__Problem requirements__
When you reach the line in the data below that contains "elim=> // u", please start repeating lines exactly, and stop after the line that contains "by rewrite -cats1 !count_cat /=; lia.", repeating nothing else.

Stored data
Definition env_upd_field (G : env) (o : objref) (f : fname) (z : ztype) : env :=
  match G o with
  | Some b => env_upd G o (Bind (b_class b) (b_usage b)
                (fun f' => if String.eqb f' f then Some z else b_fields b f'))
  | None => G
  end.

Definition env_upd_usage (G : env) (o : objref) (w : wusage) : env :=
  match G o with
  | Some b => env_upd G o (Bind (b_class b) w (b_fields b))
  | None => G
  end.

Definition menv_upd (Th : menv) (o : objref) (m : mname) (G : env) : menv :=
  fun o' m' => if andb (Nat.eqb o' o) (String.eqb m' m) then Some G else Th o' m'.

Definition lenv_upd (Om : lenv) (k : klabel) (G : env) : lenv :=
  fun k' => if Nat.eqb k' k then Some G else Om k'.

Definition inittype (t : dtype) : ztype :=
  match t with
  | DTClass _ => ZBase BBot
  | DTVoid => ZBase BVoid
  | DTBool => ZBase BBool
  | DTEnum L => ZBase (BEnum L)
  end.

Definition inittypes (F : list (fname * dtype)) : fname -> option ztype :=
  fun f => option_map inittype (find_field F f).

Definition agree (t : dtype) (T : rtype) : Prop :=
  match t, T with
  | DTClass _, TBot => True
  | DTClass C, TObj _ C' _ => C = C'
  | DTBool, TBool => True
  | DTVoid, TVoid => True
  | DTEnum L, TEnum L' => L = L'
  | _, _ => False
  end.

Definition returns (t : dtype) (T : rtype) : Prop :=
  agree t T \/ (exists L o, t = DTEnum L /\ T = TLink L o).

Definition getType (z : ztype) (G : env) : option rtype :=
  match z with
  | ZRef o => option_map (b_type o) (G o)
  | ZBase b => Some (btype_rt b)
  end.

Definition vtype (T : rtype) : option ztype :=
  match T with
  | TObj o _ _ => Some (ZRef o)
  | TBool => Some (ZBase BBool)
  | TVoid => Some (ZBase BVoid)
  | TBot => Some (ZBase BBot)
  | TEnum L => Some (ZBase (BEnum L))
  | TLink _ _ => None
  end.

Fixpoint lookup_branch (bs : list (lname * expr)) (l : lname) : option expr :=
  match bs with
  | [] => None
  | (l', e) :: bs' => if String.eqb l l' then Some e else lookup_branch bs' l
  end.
* * *
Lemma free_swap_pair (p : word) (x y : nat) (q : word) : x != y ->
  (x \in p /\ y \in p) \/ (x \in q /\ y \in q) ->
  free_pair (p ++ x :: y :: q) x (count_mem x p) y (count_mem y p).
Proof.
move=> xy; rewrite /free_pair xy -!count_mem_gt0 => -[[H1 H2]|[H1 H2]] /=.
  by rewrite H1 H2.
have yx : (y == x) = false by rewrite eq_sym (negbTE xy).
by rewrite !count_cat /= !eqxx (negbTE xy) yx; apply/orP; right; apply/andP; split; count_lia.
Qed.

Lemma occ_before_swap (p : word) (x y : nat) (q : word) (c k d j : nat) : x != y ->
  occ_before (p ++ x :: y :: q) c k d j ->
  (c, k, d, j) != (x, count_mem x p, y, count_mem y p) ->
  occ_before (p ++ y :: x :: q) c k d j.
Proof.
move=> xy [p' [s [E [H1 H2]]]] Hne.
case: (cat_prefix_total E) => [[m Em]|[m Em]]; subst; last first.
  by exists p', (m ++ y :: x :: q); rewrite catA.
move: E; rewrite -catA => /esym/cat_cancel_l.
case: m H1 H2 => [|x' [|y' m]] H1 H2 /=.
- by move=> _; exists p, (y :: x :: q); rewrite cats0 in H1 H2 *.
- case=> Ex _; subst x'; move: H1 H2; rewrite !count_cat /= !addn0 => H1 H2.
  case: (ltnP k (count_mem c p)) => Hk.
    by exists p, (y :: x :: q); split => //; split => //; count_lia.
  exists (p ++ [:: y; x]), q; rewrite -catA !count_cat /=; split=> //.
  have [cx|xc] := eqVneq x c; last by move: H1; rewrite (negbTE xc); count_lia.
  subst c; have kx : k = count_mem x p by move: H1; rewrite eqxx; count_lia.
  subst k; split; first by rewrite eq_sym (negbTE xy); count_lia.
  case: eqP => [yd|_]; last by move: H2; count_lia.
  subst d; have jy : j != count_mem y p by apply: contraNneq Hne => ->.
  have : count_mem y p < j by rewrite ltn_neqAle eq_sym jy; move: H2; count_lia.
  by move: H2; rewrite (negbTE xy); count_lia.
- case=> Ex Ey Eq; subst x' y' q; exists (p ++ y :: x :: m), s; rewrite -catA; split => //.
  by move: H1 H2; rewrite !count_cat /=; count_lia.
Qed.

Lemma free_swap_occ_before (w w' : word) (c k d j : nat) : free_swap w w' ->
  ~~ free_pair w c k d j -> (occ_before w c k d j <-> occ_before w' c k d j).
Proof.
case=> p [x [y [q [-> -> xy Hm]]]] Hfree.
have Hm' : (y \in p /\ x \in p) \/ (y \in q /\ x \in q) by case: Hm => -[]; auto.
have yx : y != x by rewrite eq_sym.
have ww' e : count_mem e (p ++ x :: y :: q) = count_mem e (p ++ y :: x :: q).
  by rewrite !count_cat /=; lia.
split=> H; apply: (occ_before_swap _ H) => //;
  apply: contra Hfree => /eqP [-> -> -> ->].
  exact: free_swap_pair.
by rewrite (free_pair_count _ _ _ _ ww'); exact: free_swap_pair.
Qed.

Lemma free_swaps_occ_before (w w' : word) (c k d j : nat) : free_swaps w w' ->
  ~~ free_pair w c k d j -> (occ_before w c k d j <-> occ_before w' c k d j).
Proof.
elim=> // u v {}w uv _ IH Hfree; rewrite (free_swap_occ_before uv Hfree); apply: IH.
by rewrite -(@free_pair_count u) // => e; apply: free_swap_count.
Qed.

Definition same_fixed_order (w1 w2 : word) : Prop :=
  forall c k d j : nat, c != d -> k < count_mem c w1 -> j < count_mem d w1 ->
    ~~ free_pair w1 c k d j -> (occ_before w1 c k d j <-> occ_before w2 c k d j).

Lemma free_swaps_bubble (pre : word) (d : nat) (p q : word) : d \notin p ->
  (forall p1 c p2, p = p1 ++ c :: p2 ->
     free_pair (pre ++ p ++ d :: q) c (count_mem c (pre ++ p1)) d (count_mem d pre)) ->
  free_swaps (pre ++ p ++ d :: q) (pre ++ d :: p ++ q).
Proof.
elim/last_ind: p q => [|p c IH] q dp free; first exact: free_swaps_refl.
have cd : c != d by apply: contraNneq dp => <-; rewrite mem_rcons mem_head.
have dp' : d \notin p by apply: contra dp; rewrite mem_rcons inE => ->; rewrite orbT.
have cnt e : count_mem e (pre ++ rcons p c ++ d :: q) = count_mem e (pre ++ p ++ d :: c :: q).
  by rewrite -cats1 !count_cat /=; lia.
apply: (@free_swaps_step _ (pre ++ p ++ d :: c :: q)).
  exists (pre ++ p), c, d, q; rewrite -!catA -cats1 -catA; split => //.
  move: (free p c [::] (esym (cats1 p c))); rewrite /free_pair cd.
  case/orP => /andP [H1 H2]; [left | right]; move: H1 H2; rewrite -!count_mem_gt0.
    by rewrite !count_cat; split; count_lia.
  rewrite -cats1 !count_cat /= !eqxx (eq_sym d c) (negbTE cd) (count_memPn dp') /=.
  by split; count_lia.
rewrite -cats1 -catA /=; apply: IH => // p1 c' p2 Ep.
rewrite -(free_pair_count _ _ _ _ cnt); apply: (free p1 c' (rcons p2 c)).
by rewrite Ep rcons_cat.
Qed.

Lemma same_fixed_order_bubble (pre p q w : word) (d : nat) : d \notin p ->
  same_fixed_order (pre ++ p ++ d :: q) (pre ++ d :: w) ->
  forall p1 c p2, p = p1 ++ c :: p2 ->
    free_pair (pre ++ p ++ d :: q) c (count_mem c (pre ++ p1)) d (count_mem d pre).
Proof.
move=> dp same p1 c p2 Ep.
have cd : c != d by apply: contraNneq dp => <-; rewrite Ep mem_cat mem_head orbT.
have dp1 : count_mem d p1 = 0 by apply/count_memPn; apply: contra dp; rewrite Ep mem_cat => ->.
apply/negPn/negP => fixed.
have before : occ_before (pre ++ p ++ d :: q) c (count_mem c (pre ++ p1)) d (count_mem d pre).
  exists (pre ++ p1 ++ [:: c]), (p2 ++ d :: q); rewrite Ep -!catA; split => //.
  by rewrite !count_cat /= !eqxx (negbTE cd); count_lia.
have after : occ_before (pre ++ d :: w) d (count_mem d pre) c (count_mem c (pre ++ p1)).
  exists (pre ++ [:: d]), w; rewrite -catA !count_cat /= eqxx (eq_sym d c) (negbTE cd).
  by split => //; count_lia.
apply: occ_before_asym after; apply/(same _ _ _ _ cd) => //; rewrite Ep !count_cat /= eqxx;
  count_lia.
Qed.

__Solution to the problem__
elim=> // u v {}w uv _ IH Hfree; rewrite (free_swap_occ_before uv Hfree); apply: IH.
by rewrite -(@free_pair_count u) // => e; apply: free_swap_count.
Qed.

Definition same_fixed_order (w1 w2 : word) : Prop :=
  forall c k d j : nat, c != d -> k < count_mem c w1 -> j < count_mem d w1 ->
    ~~ free_pair w1 c k d j -> (occ_before w1 c k d j <-> occ_before w2 c k d j).

Lemma free_swaps_bubble (pre : word) (d : nat) (p q : word) : d \notin p ->
  (forall p1 c p2, p = p1 ++ c :: p2 ->
     free_pair (pre ++ p ++ d :: q) c (count_mem c (pre ++ p1)) d (count_mem d pre)) ->
  free_swaps (pre ++ p ++ d :: q) (pre ++ d :: p ++ q).
Proof.
elim/last_ind: p q => [|p c IH] q dp free; first exact: free_swaps_refl.
have cd : c != d by apply: contraNneq dp => <-; rewrite mem_rcons mem_head.
have dp' : d \notin p by apply: contra dp; rewrite mem_rcons inE => ->; rewrite orbT.
have cnt e : count_mem e (pre ++ rcons p c ++ d :: q) = count_mem e (pre ++ p ++ d :: c :: q).
  by rewrite -cats1 !count_cat /=; lia.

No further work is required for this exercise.